Web scraping uses scripts to gather information programmatically from HTML rather than using an API to access data. We recently featured a conceptual tutorial on the topic, and even came across a hack that scraped all of our own posts. [Rajesh’s] technique is pretty much the same.

He’s using Python scripts with the Beautiful Soup module to parse the DOM tree for the information he’s after. In the case of the Amazon script he sets a target price for a specific book he’s after and will get an email automatically when it gets there. With Rotten Tomatoes he sometimes likes to see the audience score when considering a movie, but you can’t get it on the list at the website; you have to click through to each movie. His script keeps a database so that it doesn’t continually scrape the same information. The collected numbers are displayed alongside the critics scores as seen above.

29 thoughts on “Web Scraping Amazon And Rotten Tomatoes

  1. Considering Amazon has known to drop or inflate price based on browser and location, he should modify his script to pass various agent strings and also check the same through a few proxies. You never know what deals could be had.

  2. 1) We took down his site.

    2) I can’t seem to get the code to run in Ubuntu Server 12.04. I get this error:

    Traceback (most recent call last):
    File “amazon.py”, line 54, in
    con = title.contents
    AttributeError: ‘NoneType’ object has no attribute ‘contents’

    Beautifulsoup is not returning any results on either query. I checked the data being passed, and it is indeed in there. Any advice?
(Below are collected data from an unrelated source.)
(* Let $(A,\succ,\prec)$ be a Leibniz-dendriform algebra and $r\in A\otimes A$ such that $S(r)=0$ and $r+\tau(r)$ is invariant (so $(A,\succ,\prec,\Delta_{\succ,r},\Delta_{\prec,r})$ is quasi-triangular). Then $\tau(r)$ also satisfies $S(\tau(r))=0$ and $\tau(r)+\tau(\tau(r))$ is invariant, so $(A,\succ,\prec,\Delta_{\succ,\tau(r)},\Delta_{\prec,\tau(r)})$ is quasi-triangular. If moreover $T_{r+\tau(r)}$ is a linear isomorphism (factorizable case), then so is $T_{\tau(r)+r}$, so the latter bialgebra is factorizable as well.
   Context: $\langle\cdot,\cdot\rangle$ is the natural pairing, $I$ the identity, $\tau(a\otimes b)=b\otimes a$. A Leibniz-dendriform algebra is a vector space $A$ with bilinear operations $\succ,\prec$ such that, with $x\circ y:=x\succ y+x\prec y$, for all $x,y,z$: $(x\circ y)\succ z=x\succ(y\succ z)-y\succ(x\succ z)$, $y\prec(x\circ z)+(x\succ y)\prec z=x\succ(y\prec z)$, $x\prec(y\circ z)=(x\prec y)\prec z+y\succ(x\prec z)$. Write $x\odot y:=x\succ y+y\prec x$, $x\star y:=x\circ y+y\circ x$; $L_*(x)y=x*y$, $R_*(x)y=y*x$; $L_\odot:=L_\succ+R_\prec$, $L_\star:=L_\circ+R_\circ$. For $r=\sum_ia_i\otimes b_i$: $T_r:A^*\to A$, $\langle T_r(\zeta),\eta\rangle=\langle r,\zeta\otimes\eta\rangle$; $S(r):=\sum_{i,j}\big(a_i\otimes a_j\otimes (b_j\circ b_i)-a_i\otimes (b_i\odot a_j)\otimes b_j-(a_i\succ a_j)\otimes b_i\otimes b_j\big)$. $s\in A\otimes A$ is invariant if for all $x$: $(L_\odot(x)\otimes I-I\otimes R_\circ(x))s=0$ and $(L_\star(x)\otimes I-I\otimes R_\prec(x))\tau(s)=0$. Coboundary maps: $\Delta_{\succ,r}(x)=(L_\odot(x)\otimes I-I\otimes R_\circ(x))r$, $\Delta_{\prec,r}(x)=(L_\star(x)\otimes I-I\otimes R_\prec(x))\tau(r)$. The bialgebra $(A,\succ,\prec,\Delta_{\succ,r},\Delta_{\prec,r})$ is called quasi-triangular if $S(r)=0$ and $r+\tau(r)$ is invariant, and factorizable if in addition $T_{r+\tau(r)}:A^*\to A$ is a linear isomorphism. *)

(* A finite-dimensional K-vector space A is modelled as 'rV[K]_n
   (coordinates in the standard basis e_i = delta_mx 0 i). *)
From HB Require Import structures.
From mathcomp Require Import all_boot all_order all_algebra.
Set Implicit Arguments. Unset Strict Implicit. Unset Printing Implicit Defensive.
Import GRing.Theory.
Local Open Scope ring_scope.

Section LeibDend.
Variables (K : fieldType) (n : nat).

Definition vec := 'rV[K]_n.
(* A ⊗ A : coefficient matrix, entry (i,j) = coefficient of e_i ⊗ e_j *)
Definition tensor2 := 'M[K]_n.
(* A ⊗ A ⊗ A : coefficient function on triples of indices *)
Definition tensor3 := {ffun 'I_n * 'I_n * 'I_n -> K}.

Definition ebasis (i : 'I_n) : vec := delta_mx 0 i.

Definition is_bilinear (f : vec -> vec -> vec) : Prop :=
  (forall x, linear (f x)) /\ (forall y, linear (fun x => f x y)).

Variables (sp pr : vec -> vec -> vec). (* sp = ≻ , pr = ≺ *)

Definition circ x y := sp x y + pr x y.
Definition odot x y := sp x y + pr y x.
Definition star x y := circ x y + circ y x.

Definition leibniz_dendriform : Prop :=
  (forall x y z, sp (circ x y) z = sp x (sp y z) - sp y (sp x z)) /\
  (forall x y z, pr y (circ x z) + pr (sp x y) z = sp x (pr y z)) /\
  (forall x y z, pr x (circ y z) = pr (pr x y) z + sp y (pr x z)).

Definition pure2 (x y : vec) : tensor2 := x^T *m y.
Definition pure3 (x y z : vec) : tensor3 :=
  [ffun ijk => x 0 ijk.1.1 * y 0 ijk.1.2 * z 0 ijk.2].

Definition scale3 (c : K) (f : tensor3) : tensor3 := [ffun k => c * f k].

Definition tau (r : tensor2) : tensor2 := r^T.

Definition tmap2 (f g : vec -> vec) (r : tensor2) : tensor2 :=
  \sum_(i < n) \sum_(j < n) r i j *: pure2 (f (ebasis i)) (g (ebasis j)).

Definition L_odot x := fun y => odot x y.
Definition R_circ x := fun y => circ y x.
Definition L_star x := fun y => star x y.
Definition R_prec x := fun y => pr y x.

Definition invariant (s : tensor2) : Prop :=
  forall x : vec,
    tmap2 (L_odot x) id s - tmap2 id (R_circ x) s = 0 /\
    tmap2 (L_star x) id (tau s) - tmap2 id (R_prec x) (tau s) = 0.

Definition Sr (r : tensor2) : tensor3 :=
  \sum_(p < n) \sum_(q < n) \sum_(s < n) \sum_(t < n)
    scale3 (r p q * r s t)
      (pure3 (ebasis p) (ebasis s) (circ (ebasis t) (ebasis q))
       - pure3 (ebasis p) (odot (ebasis q) (ebasis s)) (ebasis t)
       - pure3 (sp (ebasis p) (ebasis s)) (ebasis q) (ebasis t)).

(* T_r : A^* -> A, A^* identified with 'rV_n via the dual basis;
   <T_r zeta, eta> = <r, zeta ⊗ eta> = zeta *m r *m eta^T *)
Definition Tr (r : tensor2) (zeta : vec) : vec := zeta *m r.

Definition quasi_triangular (r : tensor2) : Prop :=
  Sr r = 0 /\ invariant (r + tau r).

Definition factorizable (r : tensor2) : Prop :=
  quasi_triangular r /\ bijective (Tr (r + tau r)).

End LeibDend.

From Pilot Require Import Defs.
From mathcomp Require Import all_boot all_order all_algebra.
From mathcomp Require Import ring.
Set Implicit Arguments. Unset Strict Implicit. Unset Printing Implicit Defensive.
Import GRing.Theory.
Local Open Scope ring_scope.

(** Let [s = r + tau r] and let [tpair Sterm] be the bilinear form with
    [tpair Sterm r r = S(r)]; by bilinearity
    [S(tau r) - S(r) = tpair Sterm (tau r) s - tpair Sterm s r].
    Since [s] is symmetric, its invariance also holds in transposed form, and
    contracting against [s] kills two of the three terms of [S]: with [s] on
    the right the [circ]- and [odot]-terms cancel, leaving minus the [sp]-term;
    with [s] on the left the [odot]- and [sp]-terms cancel, leaving the
    [circ]-term, which is in turn minus the [sp]-term with [tau r] and [s]
    exchanged.  So both contractions agree and [S(tau r) = S(r)].
    Invariance is the only hypothesis used: the dendriform axioms and the
    bilinearity of [sp], [pr] play no role (in coordinates [sp] and [pr] are
    only ever evaluated on basis vectors). *)

Section FourfoldSums.
Variables (V : zmodType) (n : nat).

Lemma sum4D (f g : 'I_n -> 'I_n -> 'I_n -> 'I_n -> V) :
  \sum_a \sum_b \sum_c \sum_d (f a b c d + g a b c d) =
  \sum_a \sum_b \sum_c \sum_d f a b c d + \sum_a \sum_b \sum_c \sum_d g a b c d.
Proof.
rewrite -big_split; apply: eq_bigr => a _; rewrite -big_split.
apply: eq_bigr => b _; rewrite -big_split; apply: eq_bigr => c _.
exact: big_split.
Qed.

Lemma sum4B (f g : 'I_n -> 'I_n -> 'I_n -> 'I_n -> V) :
  \sum_a \sum_b \sum_c \sum_d (f a b c d - g a b c d) =
  \sum_a \sum_b \sum_c \sum_d f a b c d - \sum_a \sum_b \sum_c \sum_d g a b c d.
Proof.
rewrite -sumrB; apply: eq_bigr => a _; rewrite -sumrB.
apply: eq_bigr => b _; rewrite -sumrB; apply: eq_bigr => c _.
exact: sumrB.
Qed.

Lemma sum4_swap (f : 'I_n -> 'I_n -> 'I_n -> 'I_n -> V) :
  \sum_a \sum_b \sum_c \sum_d f a b c d = \sum_c \sum_d \sum_a \sum_b f a b c d.
Proof.
under eq_bigr => a _ do rewrite exchange_big /=.
under eq_bigr => a _ do under eq_bigr => c _ do rewrite exchange_big /=.
by rewrite exchange_big /=; apply: eq_bigr => c _; rewrite exchange_big.
Qed.

End FourfoldSums.

Section Contractions.
Variables (K : fieldType) (n : nat).
Local Notation e := (@ebasis K n).
Implicit Types (t : tensor2 K n) (f g : vec K n -> vec K n).

Lemma tmap2_entry f g t a b :
  tmap2 f g t a b = \sum_i \sum_j t i j * (f (e i) 0 a * g (e j) 0 b).
Proof.
rewrite /tmap2 summxE; apply: eq_bigr => i _; rewrite summxE.
by apply: eq_bigr => j _; rewrite !mxE big_ord1 !mxE.
Qed.

Lemma tmap2Dl f1 f2 g t : tmap2 (f1 \+ f2) g t = tmap2 f1 g t + tmap2 f2 g t.
Proof.
apply/matrixP => a b; rewrite !mxE !tmap2_entry -big_split.
apply: eq_bigr => i _; rewrite -big_split; apply: eq_bigr => j _ /=.
by rewrite !mxE; ring.
Qed.

Lemma tmap2Dr f g1 g2 t : tmap2 f (g1 \+ g2) t = tmap2 f g1 t + tmap2 f g2 t.
Proof.
apply/matrixP => a b; rewrite !mxE !tmap2_entry -big_split.
apply: eq_bigr => i _; rewrite -big_split; apply: eq_bigr => j _ /=.
by rewrite !mxE; ring.
Qed.

Lemma tau_tmap2 f g t : tau (tmap2 f g t) = tmap2 g f (tau t).
Proof.
apply/matrixP => a b; rewrite mxE !tmap2_entry exchange_big /=.
by apply: eq_bigr => i _; apply: eq_bigr => j _; rewrite mxE; ring.
Qed.

Lemma tau_sym t : tau t + tau (tau t) = t + tau t.
Proof. by rewrite /tau trmxK addrC. Qed.

End Contractions.

Section TensorPairing.
Variables (K : fieldType) (n : nat).
Implicit Types (t : tensor2 K n) (F G : 'I_n -> 'I_n -> 'I_n -> 'I_n -> tensor3 K n).

Definition tpair F t t' : tensor3 K n :=
  \sum_a \sum_b \sum_c \sum_d scale3 (t a b * t' c d) (F a b c d).

Lemma tpairE F t t' x :
  tpair F t t' x = \sum_a \sum_b \sum_c \sum_d t a b * t' c d * F a b c d x.
Proof.
rewrite sum_ffunE; apply: eq_bigr => a _; rewrite sum_ffunE.
apply: eq_bigr => b _; rewrite sum_ffunE; apply: eq_bigr => c _.
by rewrite sum_ffunE; apply: eq_bigr => d _; rewrite ffunE.
Qed.

Lemma tpairD F G t t' :
  tpair F t t' + tpair G t t' = tpair (fun a b c d => F a b c d + G a b c d) t t'.
Proof.
apply/ffunP => x; rewrite ffunE !tpairE -sum4D.
by do 4! apply: eq_bigr => ? _; rewrite ffunE; ring.
Qed.

Lemma tpairB F G t t' :
  tpair F t t' - tpair G t t' = tpair (fun a b c d => F a b c d - G a b c d) t t'.
Proof.
apply/ffunP => x; rewrite !ffunE !tpairE -sum4B.
by do 4! apply: eq_bigr => ? _; rewrite !ffunE; ring.
Qed.

Lemma tpairDl F t1 t2 t' : tpair F (t1 + t2) t' = tpair F t1 t' + tpair F t2 t'.
Proof.
apply/ffunP => x; rewrite ffunE !tpairE -sum4D.
by do 4! apply: eq_bigr => ? _; rewrite mxE; ring.
Qed.

Lemma tpairDr F t t1 t2 : tpair F t (t1 + t2) = tpair F t t1 + tpair F t t2.
Proof.
apply/ffunP => x; rewrite ffunE !tpairE -sum4D.
by do 4! apply: eq_bigr => ? _; rewrite mxE; ring.
Qed.

Lemma tpairC F t t' : tpair F t t' = tpair (fun a b c d => F c d a b) t' t.
Proof.
apply/ffunP => x; rewrite !tpairE sum4_swap.
by do 4! apply: eq_bigr => ? _; rewrite [t' _ _ * _]mulrC.
Qed.

Lemma tpair_taul F t t' : tpair F (tau t) t' = tpair (fun a b c d => F b a c d) t t'.
Proof.
apply/ffunP => x; rewrite !tpairE exchange_big /=.
by do 4! apply: eq_bigr => ? _; rewrite mxE.
Qed.

Lemma tpair_eq0 F t t' :
  (forall a b x, \sum_c \sum_d t' c d * F a b c d x = 0) -> tpair F t t' = 0.
Proof.
move=> F0; apply/ffunP => x; rewrite tpairE ffunE.
apply: big1 => a _; apply: big1 => b _.
rewrite -[RHS](mulr0 (t a b)) -[X in _ * X](F0 a b x) mulr_sumr.
by apply: eq_bigr => c _; rewrite mulr_sumr; apply: eq_bigr => d _; rewrite mulrA.
Qed.

End TensorPairing.

Section SOperator.
Variables (K : fieldType) (n : nat) (sp pr : vec K n -> vec K n -> vec K n).
Local Notation e := (@ebasis K n).
Local Notation circ := (circ sp pr).
Local Notation odot := (odot sp pr).

Definition Sterm a b c d : tensor3 K n :=
  pure3 (e a) (e c) (circ (e d) (e b)) - pure3 (e a) (odot (e b) (e c)) (e d)
  - pure3 (sp (e a) (e c)) (e b) (e d).

Definition circ_term a b c d : tensor3 K n := pure3 (e a) (e c) (circ (e d) (e b)).

Definition sp_term a b c d : tensor3 K n := pure3 (sp (e a) (e c)) (e b) (e d).

Lemma Sr_tpair r : Sr sp pr r = tpair Sterm r r.
Proof. by []. Qed.

Lemma L_odotE x : L_odot sp pr x = sp x \+ pr^~ x. Proof. by []. Qed.
Lemma R_circE x : R_circ sp pr x = sp^~ x \+ pr^~ x. Proof. by []. Qed.
Lemma L_starE x : L_star sp pr x = (sp x \+ pr x) \+ (sp^~ x \+ pr^~ x).
Proof. by []. Qed.
Lemma circE x : circ x = sp x \+ pr x. Proof. by []. Qed.
Lemma odotE x : odot^~ x = sp^~ x \+ pr x. Proof. by []. Qed.

Section SymmetricInvariant.
Variable w : tensor2 K n.
Hypotheses (w_sym : tau w = w) (w_inv : Defs.invariant sp pr w).

Lemma invariant_odot x : tmap2 (L_odot sp pr x) id w = tmap2 id (R_circ sp pr x) w.
Proof. by have [/eqP] := w_inv x; rewrite subr_eq0 => /eqP. Qed.

Lemma invariant_odot_tr x : tmap2 id (L_odot sp pr x) w = tmap2 (R_circ sp pr x) id w.
Proof. by have := congr1 (@tau K n) (invariant_odot x); rewrite !tau_tmap2 w_sym. Qed.

Lemma invariant_star_tr x : tmap2 id (L_star sp pr x) w = tmap2 (R_prec pr x) id w.
Proof.
have [_ /eqP] := w_inv x; rewrite w_sym subr_eq0 => /eqP /(congr1 (@tau K n)).
by rewrite !tau_tmap2 w_sym.
Qed.

Lemma invariant_sp_circ x : tmap2 (sp x) id w + tmap2 id (circ x) w = 0.
Proof.
have := invariant_odot x; have := invariant_star_tr x.
rewrite L_odotE R_circE L_starE circE !tmap2Dl !tmap2Dr.
set A := tmap2 (sp x) id w; set A' := tmap2 id (sp x) w; set B' := tmap2 id (pr x) w.
set C' := tmap2 id (sp^~ x) w; set D := tmap2 (pr^~ x) id w.
set D' := tmap2 id (pr^~ x) w => star_tr odot_eq.
have -> : A + (A' + B') = (A + D - (C' + D')) + (A' + B' + (C' + D') - D).
  by apply/matrixP => i j; rewrite !mxE; ring.
by rewrite star_tr odot_eq !subrr addr0.
Qed.

Lemma invariant_odot_sp x : tmap2 id (odot^~ x) w + tmap2 (sp^~ x) id w = 0.
Proof.
have := invariant_odot_tr x; have := invariant_star_tr x.
rewrite L_odotE R_circE L_starE odotE !tmap2Dl !tmap2Dr.
set A' := tmap2 id (sp x) w; set B' := tmap2 id (pr x) w; set C := tmap2 (sp^~ x) id w.
set C' := tmap2 id (sp^~ x) w; set D := tmap2 (pr^~ x) id w.
set D' := tmap2 id (pr^~ x) w => star_tr odot_tr.
have -> : C' + B' + C = (A' + B' + (C' + D') - D) - (A' + D' - (C + D)).
  by apply/matrixP => i j; rewrite !mxE; ring.
by rewrite star_tr odot_tr !subrr.
Qed.

Lemma tpair_Sterm_invariant_r t : tpair Sterm t w = - tpair sp_term t w.
Proof.
apply/eqP; rewrite -addr_eq0 tpairD; apply/eqP.
apply: tpair_eq0 => a b [[i j] k].
transitivity (e a 0 i *
    (tmap2 id (R_circ sp pr (e b)) w j k - tmap2 (L_odot sp pr (e b)) id w j k)).
  rewrite !tmap2_entry -sumrB mulr_sumr; apply: eq_bigr => c _.
  rewrite -sumrB mulr_sumr; apply: eq_bigr => d _.
  by rewrite !ffunE /= /R_circ /L_odot; ring.
by rewrite invariant_odot subrr mulr0.
Qed.

Lemma tpair_Sterm_invariant_l t : tpair Sterm w t = tpair circ_term w t.
Proof.
apply/eqP; rewrite -subr_eq0 tpairB tpairC; apply/eqP.
apply: tpair_eq0 => a b [[i j] k].
transitivity (- e b 0 k *
    (tmap2 id (odot^~ (e a)) w i j + tmap2 (sp^~ (e a)) id w i j)).
  rewrite !tmap2_entry -big_split mulr_sumr; apply: eq_bigr => c _.
  rewrite -big_split mulr_sumr; apply: eq_bigr => d _.
  by rewrite !ffunE /=; ring.
have := congr1 (fun M : 'M[K]_n => M i j) (invariant_odot_sp (e a)).
by rewrite !mxE => ->; rewrite mulr0.
Qed.

Lemma tpair_circ_invariant_l t : tpair circ_term w t = - tpair sp_term (tau t) w.
Proof.
apply/eqP; rewrite -addr_eq0 tpairC tpair_taul tpairD; apply/eqP.
apply: tpair_eq0 => a b [[i j] k].
transitivity (e a 0 j *
    (tmap2 (sp (e b)) id w i k + tmap2 id (circ (e b)) w i k)).
  rewrite !tmap2_entry -big_split mulr_sumr; apply: eq_bigr => c _.
  rewrite -big_split mulr_sumr; apply: eq_bigr => d _.
  by rewrite !ffunE /=; ring.
have := congr1 (fun M : 'M[K]_n => M i k) (invariant_sp_circ (e b)).
by rewrite !mxE => ->; rewrite mulr0.
Qed.

Lemma tpair_Sterm_taul t : tpair Sterm (tau t) w = tpair Sterm w t.
Proof.
by rewrite tpair_Sterm_invariant_r tpair_Sterm_invariant_l tpair_circ_invariant_l.
Qed.

End SymmetricInvariant.

Lemma Sr_tau r : Defs.invariant sp pr (r + tau r) -> Sr sp pr (tau r) = Sr sp pr r.
Proof.
move=> r_inv; have r_sym : tau (r + tau r) = r + tau r.
  by rewrite /tau linearD /= trmxK addrC.
rewrite !Sr_tpair; apply: (addIr (tpair Sterm (tau r) r)).
rewrite -tpairDr -tpairDl [tau r + r]addrC.
exact: tpair_Sterm_taul.
Qed.

End SOperator.

Theorem mainTheorem9 (K : fieldType) (n : nat) (sp pr : vec K n -> vec K n -> vec K n)
  (hsp : is_bilinear sp) (hpr : is_bilinear pr)
  (hLD : leibniz_dendriform sp pr) (r : tensor2 K n) :
  (quasi_triangular sp pr r -> quasi_triangular sp pr (tau r)) /\
  (factorizable sp pr r -> factorizable sp pr (tau r)).
Proof.
have qt_tau : quasi_triangular sp pr r -> quasi_triangular sp pr (tau r).
  by case=> S0 r_inv; split; [rewrite Sr_tau | rewrite tau_sym].
by split=> // -[/qt_tau qt bij]; split; rewrite ?tau_sym.
Qed.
  3. Hooray for scraping! (Big fan here)

    Careful – while the laws are grey, some businesses hate when people scrape their data…they tend to try to enforce “using an approved web browser” on their sites, although it’s difficult and expensive for them to actually pursue litigation.

    And uh, mind those applications that hammer sites with multiple, simultaneous requests for data…they REALLY hate that one since it’s similar to a DoS attack. ;oP

  4. I’ve been using scraping for heaps of things. I wrote a price tracker for a local computer store in Australia (MSY), I made an XBMC addon that displays sports scores while watching TV, I also wrote an IMDB scraper for XBMC ratings.

    The possibilities are endless… but like previously mentioned, be careful not to hammer the site in question!

  5. …thinks of how many times he’s done this as a freelancer for ebay and amazon with and without APIs…

    Google are the only ones you have to use proxies with, you use to be able to use their toolbar query with timeouts…

  6. Looks like it is from http://www.amazon.com/The-Elegant-Universe-Superstrings-Dimensions/dp/0375708111/ . It is not in stock at Amazon, so it does not have a price available to parse. Try the Kindle edition http://www.amazon.com/The-Elegant-Universe-Superstrings-ebook/dp/B001P7GGRS/ . Also, I take all the referral information from the end of the link (was “ref=tmm_kin_title_0″). I don’t know if it makes a difference, but I like to work with the most direct link.

  7. I’d love to do an app for this on Ebay…I looked at their API awhile ago but it seemed really annoying to use. I just wanted to type in a search and immediately pop up the average price of completed listings over the past week. Anyone point me to a good place to learn how to do this?

    1. Their query restrictions and query types make that only possible with a caching mechanism…

      I actually wrote a PHP+curl daemon scraper using their API once, not sure if the company still uses it.